Remains of thousands of boxes and packages have been left strewn alongside the tracks after criminals jumped on to trains and forced open containers.
The sea of debris left behind included items they apparently did not think were valuable enough to take, including coronavirus home testing kits.
Keep hearing of train burglaries in LA on the scanner so went to #LincolnHeights to see it all. And… there’s looted packages as far as the eye can see. Amazon packages, @UPS boxes, unused Covid tests, fishing lures, epi pens. Cargo containers left busted open on trains. @CBSLA pic.twitter.com/JvNF4UVy2K
— John Schreiber (@johnschreiber) January 13, 2022
It followed a series of recent high-profile smash-and-grab raids in Los Angeles, in which mobs rushed into upmarket stores and ran off with expensive items.

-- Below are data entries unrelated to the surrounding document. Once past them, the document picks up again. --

(* Under the standing setting and assumptions (A1)–(A3) described in the context, assume $\mathcal R(X)\neq\emptyset$ for every $X\in\mathcal X$. Then the following are equivalent: (a) $|\mathcal R(X)|=1$ for every $X\in\mathcal X$; (b) $|\mathcal R(X)|=1$ for every $X\in\partial\mathcal A\cap\partial(\mathcal A+\ker(\pi))$; (c) $\partial\mathcal A\cap\partial(\mathcal A+\ker(\pi))\cap(\partial\mathcal A+(\ker(\pi)\setminus\{0\}))=\emptyset$; (d) $\partial\mathcal A\cap(\partial\mathcal A+(\ker(\pi)\setminus\{0\}))\subset\mathrm{int}(\mathcal A+\ker(\pi))$.
   Context: Let $\mathcal X$ be a Hausdorff, first countable, locally convex topological vector space over $\mathbb R$, partially ordered by a partial order $\geq$ with positive cone $\mathcal X_+=\{X\in\mathcal X: X\geq 0\}$. Let $\mathcal M\subset\mathcal X$ be a vector subspace with $1<\dim\mathcal M<\infty$, carrying the relative topology, and let $\pi:\mathcal M\to\mathbb R$ be linear with $\ker(\pi)=\{Z\in\mathcal M:\pi(Z)=0\}$. Standing assumptions: (A1) there is $U\in\mathcal M\cap\mathcal X_+$ with $\pi(U)=1$; (A2) $\mathcal A\subsetneq\mathcal X$ is closed, contains $0$, and satisfies $\mathcal A+\mathcal X_+\subset\mathcal A$; (A3) the map $\rho(X)=\inf\{\pi(Z): Z\in\mathcal M,\ X+Z\in\mathcal A\}$ is finitely valued and continuous on $\mathcal X$. The optimal payoff map is $\mathcal R(X)=\{Z\in\mathcal M: X+Z\in\mathcal A,\ \pi(Z)=\rho(X)\}$; $|\cdot|$ is cardinality. $\partial$ and $\mathrm{int}$ denote boundary and interior in $\mathcal X$. *)

From HB Require Import structures.
From mathcomp Require Import all_boot all_order all_algebra.
From mathcomp Require Import all_classical all_reals all_analysis.
Set Implicit Arguments. Unset Strict Implicit. Unset Printing Implicit Defensive.
Import Order.TTheory GRing.Theory Num.Theory.
Import numFieldTopology.Exports.
Local Open Scope classical_set_scope.
Local Open Scope ring_scope.

Section Defs.
Context {R : realType} {E : tvsType R}.

Definition first_countable_space : Prop :=
  forall x : E, exists B : nat -> set E,
    (forall n, nbhs x (B n)) /\ (forall U, nbhs x U -> exists n, B n `<=` U).

Definition vector_order (le : E -> E -> Prop) : Prop :=
  [/\ (forall x, le x x),
      (forall x y, le x y -> le y x -> x = y),
      (forall x y z, le x y -> le y z -> le x z),
      (forall x y z, le x y -> le (x + z) (y + z)) &
      (forall (a : R) x y, 0 <= a -> le x y -> le (a *: x) (a *: y))].

Definition pos_cone (le : E -> E -> Prop) : set E := [set x | le 0 x].

Definition is_vsubspace (M : set E) : Prop :=
  M 0 /\ (forall (a : R) x y, M x -> M y -> M (a *: x + y)).

Definition has_dim (M : set E) (n : nat) : Prop :=
  is_vsubspace M /\
  exists b : 'I_n -> E,
    (forall i, M (b i)) /\
    (forall c : 'I_n -> R, \sum_(i < n) c i *: b i = 0 -> forall i, c i = 0) /\
    (forall x, M x -> exists c : 'I_n -> R, x = \sum_(i < n) c i *: b i).

(* pi : M -> R linear (values outside M are irrelevant) *)
Definition linear_on (M : set E) (pi : E -> R) : Prop :=
  forall (a : R) x y, M x -> M y -> pi (a *: x + y) = a * pi x + pi y.

Definition kerpi (M : set E) (pi : E -> R) : set E := [set Z | M Z /\ pi Z = 0].

Definition minksum (A B : set E) : set E :=
  [set x | exists a b, A a /\ B b /\ x = a + b].

Definition bdry (S : set E) : set E := closure S `\` interior S.

Definition price_set (M A : set E) (pi : E -> R) (X : E) : set R :=
  [set r | exists Z, M Z /\ A (X + Z) /\ r = pi Z].

Definition rho (M A : set E) (pi : E -> R) (X : E) : R := inf (price_set M A pi X).

Definition optR (M A : set E) (pi : E -> R) (X : E) : set E :=
  [set Z | M Z /\ A (X + Z) /\ pi Z = rho M A pi X].

End Defs.

From HB Require Import structures.
From mathcomp Require Import all_boot all_order all_algebra.
From mathcomp Require Import all_classical all_reals all_analysis.
From mathcomp Require Import lra.
Set Implicit Arguments.
Unset Strict Implicit.
Unset Printing Implicit Defensive.
Import Order.TTheory GRing.Theory Num.Theory.
Import numFieldTopology.Exports.
Local Open Scope classical_set_scope.
Local Open Scope ring_scope.

(* Everything follows from cash additivity, rho (X + Z) = rho X - pi Z for
   Z in M: it identifies A + ker pi with {rho <= 0}, its interior with
   {rho < 0} (push along -U) and its boundary with {rho = 0}.  Optimal payoffs
   translate along M, so uniqueness need only be checked at points X of
   bd A with rho X = 0; there 0 is optimal, and a second optimal payoff Z != 0
   is exactly a decomposition X = (X + Z) + (-Z) with X + Z in bd A and
   -Z in ker pi \ {0}. *)

Lemma nbhs_ray (R : realType) (E : tvsType R) (X w : E) (S : set E) :
  nbhs X S -> exists2 e : R, 0 < e & S (X + e *: w).
Proof.
move=> XS.
have /= := add_continuous (X, 0) S.
rewrite addr0 => /(_ XS) [] [B1 B2] /= [B1X B20] BS.
have /= := scale_continuous ((0:R), w) B2.
rewrite scale0r => /(_ B20) [] [C1 C2] /= [/nbhs_ballP [e /= e0 He] C2w] CB.
exists (e / 2); first by rewrite divr_gt0.
apply: (BS (X, e / 2 *: w)); split => /=; first exact: nbhs_singleton.
apply: (CB (e / 2, w)); split => /=; last exact: nbhs_singleton.
by apply: He; rewrite /ball /= sub0r normrN gtr0_norm ?divr_gt0 //; lra.
Qed.

Lemma continuous_nbhs_open_preimage (T U : topologicalType) (f : T -> U)
    (S : set U) (X : T) :
  continuous f -> open S -> S (f X) -> nbhs X (f @^-1` S).
Proof. by move=> fC oS SfX; apply: fC; apply: open_nbhs_nbhs. Qed.

Section AcceptanceSet.
Variables (R : realType) (E : tvsType R) (le : E -> E -> Prop).
Variables (M : set E) (pi : E -> R) (A : set E) (U : E).
Hypotheses (le_order : vector_order le) (M_sub : is_vsubspace M).
Hypothesis pi_lin : linear_on M pi.
Hypotheses (MU : M U) (U_pos : pos_cone le U) (piU : pi U = 1).
Hypotheses (A_closed : closed A) (A_monotone : minksum A (pos_cone le) `<=` A).
Hypothesis price_inf : forall X, has_inf (price_set M A pi X).
Hypothesis rho_cont : continuous (rho M A pi).
Hypothesis optR_neq0 : forall X, optR M A pi X !=set0.

Lemma vsubspaceD x y : M x -> M y -> M (x + y).
Proof. by move=> Mx My; have := M_sub.2 1 x y Mx My; rewrite scale1r. Qed.

Lemma vsubspaceZ a x : M x -> M (a *: x).
Proof. by move=> Mx; have := M_sub.2 a x 0 Mx M_sub.1; rewrite addr0. Qed.

Lemma vsubspaceN x : M x -> M (- x).
Proof. by rewrite -scaleN1r; apply: vsubspaceZ. Qed.

Lemma vsubspaceB x y : M x -> M y -> M (x - y).
Proof. by move=> Mx My; exact: vsubspaceD Mx (vsubspaceN My). Qed.

Lemma linear_on0 : pi 0 = 0.
Proof. by have := pi_lin 1 M_sub.1 M_sub.1; rewrite scale1r addr0; lra. Qed.

Lemma linear_onD x y : M x -> M y -> pi (x + y) = pi x + pi y.
Proof. by move=> Mx My; have := pi_lin 1 Mx My; rewrite scale1r mul1r. Qed.

Lemma linear_onZ a x : M x -> pi (a *: x) = a * pi x.
Proof.
by move=> Mx; have := pi_lin a Mx M_sub.1; rewrite addr0 linear_on0 addr0.
Qed.

Lemma linear_onN x : M x -> pi (- x) = - pi x.
Proof. by move=> Mx; rewrite -scaleN1r linear_onZ // mulN1r. Qed.

Local Notation rhoA := (rho M A pi).
Local Notation optA := (optR M A pi).
Local Notation K := (kerpi M pi).
Local Notation AK := (minksum A (kerpi M pi)).

Lemma rho_le_price X W : M W -> A (X + W) -> rhoA X <= pi W.
Proof. by move=> MW AXW; apply: (ge_inf (price_inf X).2); exists W. Qed.

Lemma rho_translate X Z : M Z -> rhoA (X + Z) = rhoA X - pi Z.
Proof.
move=> MZ.
have [Z0 [MZ0 [AZ0 piZ0]]] := optR_neq0 X.
have [Z1 [MZ1 [AZ1 piZ1]]] := optR_neq0 (X + Z).
have le1 : rhoA (X + Z) <= rhoA X - pi Z.
  rewrite -piZ0 -linear_onN // -linear_onD //; last exact: vsubspaceN.
  by apply: rho_le_price; [exact: vsubspaceB | rewrite addrACA subrr addr0].
have le2 : rhoA X <= rhoA (X + Z) + pi Z.
  rewrite -piZ1 -linear_onD //.
  by apply: rho_le_price; [exact: vsubspaceD | rewrite addrA addrAC].
lra.
Qed.

Lemma optR_translate X Z W : M Z -> optA (X + Z) W <-> optA X (W + Z).
Proof.
move=> MZ; split=> [[MW [AW piW]] | [MWZ [AWZ piWZ]]].
  split; first exact: vsubspaceD.
  split; first by rewrite addrA (addrAC X).
  by rewrite linear_onD // piW rho_translate // subrK.
have MW : M W by rewrite -(addrK Z W); apply: vsubspaceB.
split=> //; split; first by rewrite addrAC -addrA.
by rewrite rho_translate // -piWZ linear_onD // addrK.
Qed.

Lemma optR_set1_translate X Z W : M Z ->
  optA (X + Z) = [set W] -> optA X = [set W + Z].
Proof.
move=> MZ optW; apply/seteqP; split=> V.
  move=> optV; have : optA (X + Z) (V - Z) by apply/optR_translate; rewrite ?subrK.
  by rewrite optW => /= <-; rewrite subrK.
by move=> /= ->; apply/optR_translate => //; rewrite optW.
Qed.

Lemma rho_le0 X : A X -> rhoA X <= 0.
Proof.
by move=> AX; rewrite -linear_on0; apply: rho_le_price M_sub.1 _; rewrite addr0.
Qed.

Lemma AK_rho_le0 X : AK X <-> rhoA X <= 0.
Proof.
split=> [[a [k [Aa [[Mk pik] ->]]]] | rhoX_le0].
  by rewrite rho_translate // pik subr0; exact: rho_le0.
have [Z [MZ [AXZ piZ]]] := optR_neq0 X.
pose P := - rhoA X *: U.
have P_pos : le 0 P.
  have [_ _ _ _ le_scale] := le_order.
  by rewrite -(scaler0 _ (- rhoA X)); apply: le_scale; rewrite ?oppr_ge0.
have MP : M P by exact: vsubspaceZ.
have AXZP : A (X + (Z + P)) by rewrite addrA; apply: A_monotone; exists (X + Z), P.
have piZP : pi (Z + P) = 0 by rewrite linear_onD // linear_onZ // piU piZ; lra.
exists (X + (Z + P)), (- (Z + P)); split=> //; split; last by rewrite addrK.
split; first by apply/vsubspaceN/vsubspaceD.
by rewrite linear_onN ?piZP ?oppr0 //; exact: vsubspaceD.
Qed.

(* Some X - e U lies in S, and rho (X - e U) = rho X + e. *)
Lemma rho_lt0_of_nbhs X S : nbhs X S ->
  (forall Y, S Y -> rhoA Y <= 0) -> rhoA X < 0.
Proof.
move=> XS S_le0; have [e e_gt0 SXe] := nbhs_ray (- U) XS.
have MeU : M (e *: - U) by apply/vsubspaceZ/vsubspaceN.
have := S_le0 _ SXe; rewrite rho_translate // linear_onZ ?linear_onN //.
  by rewrite piU; lra.
exact: vsubspaceN.
Qed.

Lemma interior_AK X : AK° X <-> rhoA X < 0.
Proof.
split=> [AKX | rhoX_lt0].
  by apply: (rho_lt0_of_nbhs AKX) => Y /AK_rho_le0.
have := continuous_nbhs_open_preimage rho_cont (@open_lt _ 0) rhoX_lt0.
by apply: filterS => Y /= rhoY_lt0; apply/AK_rho_le0; lra.
Qed.

Lemma bdry_AK X : bdry AK X <-> rhoA X = 0.
Proof.
split=> [[clX nintX] | rhoX0].
  apply/eqP; rewrite eq_le; apply/andP; split; last first.
    by rewrite leNgt; apply/negP => /interior_AK.
  rewrite leNgt; apply/negP => rhoX_gt0.
  have := continuous_nbhs_open_preimage rho_cont (@open_gt _ 0) rhoX_gt0.
  by move=> /clX [Y [/AK_rho_le0 + /= rhoY_gt0]]; lra.
split; first by apply: subset_closure; apply/AK_rho_le0; rewrite rhoX0.
by move=> /interior_AK; rewrite rhoX0 ltxx.
Qed.

Lemma bdry_A_sub : bdry A `<=` A.
Proof. by move=> X [clX _]; rewrite ((closure_id A).1 A_closed). Qed.

Lemma bdry_A_of_rho0 X : A X -> rhoA X = 0 -> bdry A X.
Proof.
move=> AX rhoX0; split; first exact: subset_closure.
by move=> /rho_lt0_of_nbhs /(_ rho_le0); rewrite rhoX0 ltxx.
Qed.

Lemma optR0 X : A X -> rhoA X = 0 -> optA X 0.
Proof.
by move=> AX rhoX0; split; rewrite ?addr0 ?linear_on0 ?rhoX0 //; exact: M_sub.1.
Qed.

Lemma optR_uniq_bdryP :
  (forall X, exists Z, optA X = [set Z]) <->
  (forall X, (bdry A `&` bdry AK) X -> exists Z, optA X = [set Z]).
Proof.
split=> [uniq X _ | uniq_bd X]; first exact: uniq.
pose Y := X + rhoA X *: U.
have MrU : M (rhoA X *: U) by exact: vsubspaceZ.
have rhoY0 : rhoA Y = 0 by rewrite rho_translate // linear_onZ // piU mulr1 subrr.
have [Z [MZ [AYZ piZ]]] := optR_neq0 Y.
have rhoYZ0 : rhoA (Y + Z) = 0 by rewrite rho_translate // piZ rhoY0 subrr.
have bdYZ : (bdry A `&` bdry AK) (Y + Z).
  by split; [exact: bdry_A_of_rho0 | exact/bdry_AK].
have [W optW] := uniq_bd _ bdYZ.
exists (W + Z + rhoA X *: U).
by apply: optR_set1_translate MrU _; apply: optR_set1_translate MZ optW.
Qed.

Lemma optR_uniq_bdry_disjointP :
  (forall X, (bdry A `&` bdry AK) X -> exists Z, optA X = [set Z]) <->
  bdry A `&` bdry AK `&` minksum (bdry A) (K `\ 0) = set0.
Proof.
split=> [uniq_bd | disj X [bdAX bdAKX]].
  rewrite -subset0 => X [[bdAX bdAKX] [a [k [bdAa [[[Mk pik] k_neq0] eX]]]]].
  have rhoX0 := (bdry_AK _).1 bdAKX.
  have [Z optZ] := uniq_bd _ (conj bdAX bdAKX).
  have opt0 := optR0 (bdry_A_sub bdAX) rhoX0.
  have optk : optA X (- k).
    split; first exact: vsubspaceN.
    split; first by rewrite eX addrK; exact: bdry_A_sub.
    by rewrite linear_onN // pik rhoX0 oppr0.
  rewrite optZ /= in opt0 optk.
  by apply: k_neq0; rewrite -[k]opprK optk -opt0 oppr0.
have rhoX0 := (bdry_AK _).1 bdAKX.
exists 0; apply/seteqP; split=> [V [MV [AXV piV]] | V /= ->]; last first.
  exact: optR0 (bdry_A_sub bdAX) rhoX0.
apply: contrapT => V_neq0.
suff : (set0 : set E) X by [].
rewrite -disj; split=> //; exists (X + V), (- V); split.
  by apply: bdry_A_of_rho0 => //; rewrite rho_translate // piV subrr.
split; last by rewrite addrK.
split; first by split; [exact: vsubspaceN | rewrite linear_onN // piV rhoX0 oppr0].
by move=> /= /eqP; rewrite oppr_eq0 => /eqP.
Qed.

Lemma bdry_disjoint_interiorP :
  bdry A `&` bdry AK `&` minksum (bdry A) (K `\ 0) = set0 <->
  bdry A `&` minksum (bdry A) (K `\ 0) `<=` interior AK.
Proof.
split=> [disj X [bdAX shiftX] | sub_int].
  apply/interior_AK.
  have := rho_le0 (bdry_A_sub bdAX); rewrite le_eqVlt => /orP [/eqP rhoX0 | //].
  suff : (set0 : set E) X by [].
  by rewrite -disj; split=> //; split=> //; apply/bdry_AK.
rewrite -subset0 => X [[bdAX bdAKX] shiftX].
have /interior_AK := sub_int X (conj bdAX shiftX).
by rewrite (bdry_AK X).1 // ltxx.
Qed.

End AcceptanceSet.

Theorem mainTheorem11 (R : realType) (E : tvsType R)
  (le : E -> E -> Prop) (M : set E) (pi : E -> R) (A : set E) :
  hausdorff_space E ->
  first_countable_space (E := E) ->
  vector_order le ->
  is_vsubspace M ->
  (exists n : nat, (1 < n)%N /\ has_dim M n) ->
  linear_on M pi ->
  (* (A1) *)
  (exists U, M U /\ pos_cone le U /\ pi U = 1) ->
  (* (A2) *)
  closed A -> A 0 -> A <> setT -> minksum A (pos_cone le) `<=` A ->
  (* (A3) *)
  (forall X, has_inf (price_set M A pi X)) ->
  continuous (rho M A pi) ->
  (* standing hypothesis of the theorem *)
  (forall X, optR M A pi X !=set0) ->
  let K := kerpi M pi in
  let K0 := K `\ 0 in
  let AK := minksum A K in
  [/\ ((forall X, exists Z, optR M A pi X = [set Z]) <->
       (forall X, (bdry A `&` bdry AK) X -> exists Z, optR M A pi X = [set Z])),
      ((forall X, (bdry A `&` bdry AK) X -> exists Z, optR M A pi X = [set Z]) <->
       bdry A `&` bdry AK `&` minksum (bdry A) K0 = set0) &
      (bdry A `&` bdry AK `&` minksum (bdry A) K0 = set0 <->
       bdry A `&` minksum (bdry A) K0 `<=` interior AK)].
Proof.
move=> _ _ le_order M_sub _ pi_lin [U [MU [U_pos piU]]] A_closed _ _ A_monotone
  price_inf rho_cont optR_neq0 K K0 AK.
split.
- exact: optR_uniq_bdryP le_order M_sub pi_lin MU U_pos piU A_monotone
    price_inf rho_cont optR_neq0.
- exact: optR_uniq_bdry_disjointP le_order M_sub pi_lin MU U_pos piU A_closed
    A_monotone price_inf rho_cont optR_neq0.
- exact: bdry_disjoint_interiorP le_order M_sub pi_lin MU U_pos piU A_closed
    A_monotone price_inf rho_cont optR_neq0.
Qed.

Following the train looting remnants of packaging showed items had been stolen that were being delivered to customers all over America.
Local TV crews filmed one train robber running off with a package, a police officer chasing two other suspects, and another person carrying bolt cutters.

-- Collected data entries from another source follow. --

Lemma arcpar_lip g L s1 s2 : curve dist g -> len_on dist g 0 1 = L%:E ->
  0 <= s1 <= L -> 0 <= s2 <= L ->
  dist (arcpar dist g s1) (arcpar dist g s2) <= `|s1 - s2|.
Proof.
move=> cg gL /andP[a0 a1] /andP[b0 b1].
have [t1 [t10 t11 E1]] := arclen_ivt cg gL a0 a1.
have [t2 [t20 t21 E2]] := arclen_ivt cg gL b0 b1.
rewrite (arcparE gL t10 t11 E1) (arcparE gL t20 t21 E2) -E1 -E2.
wlog t12 : t1 t2 t10 t11 t20 t21 {E1 E2} / t1 <= t2.
  move=> W; have [h|h] := leP t1 t2; first exact: W.
  by rewrite dist_sym distrC; apply: W => //; exact: ltW.
by rewrite distrC (le_trans (dist_le_arclen gL t10 t12 t21)) // ler_norm.
Qed.

Lemma arcpar_rev g L s : curve dist g -> len_on dist g 0 1 = L%:E -> 0 <= s -> s <= L ->
  arcpar dist (rev_curve g) s = arcpar dist g (L - s).
Proof.
move=> cg gL s0 sL.
have gL' : len_on dist (rev_curve g) 0 1 = L%:E by rewrite len_rev_curve.
have [t [t0 t1 Et]] := arclen_ivt (curve_rev cg) gL' s0 sL.
have u0 : 0 <= 1 - t by lra.
have u1 : 1 - t <= 1 by lra.
rewrite (arcparE gL' t0 t1 Et); apply/esym/(arcparE gL u0 u1).
by rewrite -Et (arclen_rev gL t0 t1) subKr.
Qed.
(** * Constant-speed reparametrization *)

Definition const_speed g : R -> X := fun t => arcpar dist g (t * fine (len dist g)).

Section const_speed.
Variables (g : R -> X) (L : R).
Hypotheses (cg : curve dist g) (gL : len_on dist g 0 1 = L%:E).

Let L_ge0 : 0 <= L.
Proof. by have := len_on_ge0 g ler01; rewrite gL lee_fin. Qed.

Let const_speedE t : const_speed g t = arcpar dist g (t * L).
Proof. by rewrite /const_speed /len gL. Qed.

Let tL_itv t : 0 <= t <= 1 -> 0 <= t * L <= L.
Proof. by case/andP => t0 t1; rewrite mulr_ge0 //= ler_piMl. Qed.

Lemma const_speed_lip s t : 0 <= s <= 1 -> 0 <= t <= 1 ->
  dist (const_speed g s) (const_speed g t) <= L * `|s - t|.
Proof.
move=> /tL_itv sI /tL_itv tI; rewrite !const_speedE.
apply: le_trans (arcpar_lip cg gL sI tI) _.
by rewrite -mulrBl normrM (ger0_norm L_ge0) mulrC.
Qed.

Lemma const_speed0 : const_speed g 0 = g 0.
Proof. by rewrite const_speedE mul0r (arcparE gL (lexx 0) ler01) // (arclen0 g). Qed.

Lemma const_speed1 : const_speed g 1 = g 1.
Proof. by rewrite const_speedE mul1r (arcparE gL ler01 (lexx 1)) // (arclen1 gL). Qed.

Lemma lipschitz_const_speed : lipschitz_curve dist (const_speed g).
Proof. by exists L => s t; exact: const_speed_lip. Qed.

(* The lower bound transports subdivisions of [g] along [w |-> arclen g w / L]. *)
Lemma len_on_const_speed t : 0 <= t -> t <= 1 ->
  len_on dist (const_speed g) 0 t = (t * L)%:E.
Proof.
move=> t0 t1; apply/eqP; rewrite eq_le; apply/andP; split.
  rewrite mulrC -[X in L * X]subr0; apply: len_on_le_lipschitz => // u v u0 uv vt.
  have uI : 0 <= u <= 1 by rewrite u0 (le_trans uv (le_trans vt t1)).
  have vI : 0 <= v <= 1 by rewrite (le_trans u0 uv) (le_trans vt t1).
  by rewrite (le_trans (const_speed_lip uI vI)) // distrC ger0_norm ?subr_ge0.
have [->|L_neq0] := eqVneq L 0; first by rewrite mulr0 len_on_ge0.
have /andP[tL0 tLL] : 0 <= t * L <= L by apply: tL_itv; rewrite t0 t1.
have [u [u0 u1 Eu]] := arclen_ivt cg gL tL0 tLL.
pose phi w := arclen g w / L.
have phi0 : phi 0 = 0 by rewrite /phi (arclen0 g) mul0r.
have phiu : phi u = t by rewrite /phi Eu mulfK.
rewrite -Eu -(len_on0 gL u0 u1) -[in X in (_ <= X)%E]phi0 -phiu.
apply: len_on_le_comp => //.
  move=> v w; rewrite !in_itv /= => /andP[v0 vu] /andP[_ wu] vw.
  by rewrite ler_wpM2r ?invr_ge0 // (arclen_le gL v0 vw (le_trans wu u1)).
move=> w; rewrite in_itv /= => /andP[w0 wu].
by rewrite const_speedE /phi divfK // (arcparE gL w0 (le_trans wu u1)).
Qed.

Passing trains carried containers with doors that had already been broken open, with packages tumbling out.
Union Pacific, the railroad company, had cleared away the shredded packaging from one stretch of track a month ago, but by this week it once again stretched away into the distance.
In a statement Union Pacific, which operates its own police force to guard the track, said it was concerned about the increase in cargo thefts and had beefed up security.

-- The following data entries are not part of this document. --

(* There exists a function $f\colon\mathbb{N}\to\mathbb{N}$ such that for every positive integer $n$ and each of the four constructions $Q\in\{Q(\mathscr{M}^{KI}),Q(\mathscr{M}^{KK}),Q(\mathscr{A}^{KK}),Q(\mathscr{H}^{KK})\}$, we have $\mathsf{rw}(Q_{f(n)}(\cdot_{f(n)}))\ge n$, i.e. $\mathsf{rw}(Q_{f(n)}(\mathscr{M}^{KI}_{f(n)}))$, $\mathsf{rw}(Q_{f(n)}(\mathscr{M}^{KK}_{f(n)}))$, $\mathsf{rw}(Q_{f(n)}(\mathscr{A}^{KK}_{f(n)}))$ and $\mathsf{rw}(Q_{f(n)}(\mathscr{H}^{KK}_{f(n)}))$ are all at least $n$.
   Context: Let $X^1,\dots,X^k$ be pairwise disjoint ordered sets $X^j=\{x^j_1,\dots,x^j_m\}$, and let $y^1,\dots,y^k,z^1,\dots,z^{k-1}$ be further distinct vertices. For ordered sets $X,Y$ of size $m$: $\mathcal{M}(X,Y)$ has edges $x_iy_i$, $\mathcal{A}(X,Y)$ has edges $x_iy_j$ ($i\ne j$), $\mathcal{H}(X,Y)$ has edges $x_iy_j$ ($i\le j$); $K(S)$ is the clique on $S$, $K(S,T)$ the complete bipartite graph between $S,T$; unions take unions of vertex and edge sets. Define $Q_k(\mathscr{M}^{KK}_m)=\bigcup_{i\in[k-1]}\mathcal{M}(X^i,X^{i+1})\cup\bigcup_{i\in[k]}K(\{y^i\}\cup X^i)$; $Q_k(\mathscr{M}^{KI}_m)=\bigcup_{i\in[k-1]}\mathcal{M}(X^i,X^{i+1})\cup\bigcup_{i\in[\lceil k/2\rceil]}K(\{y^{2i-1}\}\cup X^{2i-1})$; $Q_k(\mathscr{H}^{KK}_m)=\bigcup_{i\in[k-1]}\mathcal{H}(X^i,X^{i+1})\cup\bigcup_{i\in[k]}K(\{y^i\}\cup X^i)$; $Q_k(\mathscr{A}^{KK}_m)=\bigcup_{i\in[k-1]}\mathcal{A}(X^i,X^{i+1})\cup\bigcup_{i\in[k]}K(\{y^i\}\cup X^i)\cup\bigcup_{i\in[k-1]}K(\{z^i\},X^i\cup X^{i+1})$. Rankwidth $\mathsf{rw}(G)$: the cutrank of $X\subseteq V(G)$ is the $\mathbb{F}_2$-rank of the adjacency submatrix with rows $X$ and columns $V(G)\setminus X$; a rank-decomposition is a tree with internal nodes of degree $3$ and a bijection from its leaves to $V(G)$; its width is the maximum over tree edges of the cutrank of the vertices mapped to one side; $\mathsf{rw}(G)$ is the minimum width. *)

From mathcomp Require Import all_boot all_order all_algebra.
Set Implicit Arguments. Unset Strict Implicit. Unset Printing Implicit Defensive.
Import GRing.Theory.
Local Open Scope ring_scope.

(** * Rank-width of a simple graph (V, adj), adj symmetric irreflexive *)
Section Rankwidth.
Variables (V : finType) (adj : rel V).

Definition cutrank (X : {set V}) : nat :=
  \rank (\matrix_(i < #|X|, j < #|~: X|)
           ((adj (enum_val i) (enum_val j) : nat)%:R : 'F_2)).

It said: “We have increased the number of Union Pacific special agents on patrol, and we have utilised and explored additional technologies to help us combat this criminal activity.”
Much of the crime has taken place along sections of the railroad which have growing homeless encampments next to the track.
In November there were raids on trains that were stationary due to a backlog moving cargo from the Port of Los Angeles, which is America’s busiest port.
Thieves have recently been targeting trains as they move slowly approaching downtown, jumping on and breaking in.
John Schreiber, an aerial camera operator for CBS in Los Angeles, said he went to the railroad tracks after he kept hearing about train burglaries.
He said: “There’s looted packages as far as the eye can see. Amazon packages, UPS [United Parcel Service] boxes, unused Covid tests, fishing lures, epi pens, cargo containers left busted open on trains.”
He said thieves appeared particularly keen on packages headed for residential addresses.After jumping onto the train the thieves “use this opportunity to break open containers and take what’s inside,” he said. “I’d say every 4th or 5th rail car had opened containers.”
Last month police in Los Angeles arrested a dozen people over smash-and-grab raids at stores.They were accused over a spate of 11 brazen raids in 10 days in which $340,000 worth of merchandise was stolen.
Critics have linked the crime wave to the ending of a no-bail policy for some criminal defendants, a move that was aimed at reducing overcrowding at jails.
Los Angeles Mayor Eric Garcetti said last month: “We should be able to have judges that put people behind bars.”
The crime spike in Los Angeles has included a 12 per cent rise in homicides in 2021, with nearly 400 killings.
Violent crime was up 3.9 per cent last year, and property crime increased 4.2 per cent over the same period.
Mr Garcetti said: “There are gang members themselves who are unhoused, living in our toughest [homeless] encampments. We’ve seen stabbings over, just, personal conflicts.
“People who seemingly have no future who are insulted by a [social media] post, so they go out and hunt, and prey and shoot and kill another individual over something that’s said in a Facebook post or on Instagram.”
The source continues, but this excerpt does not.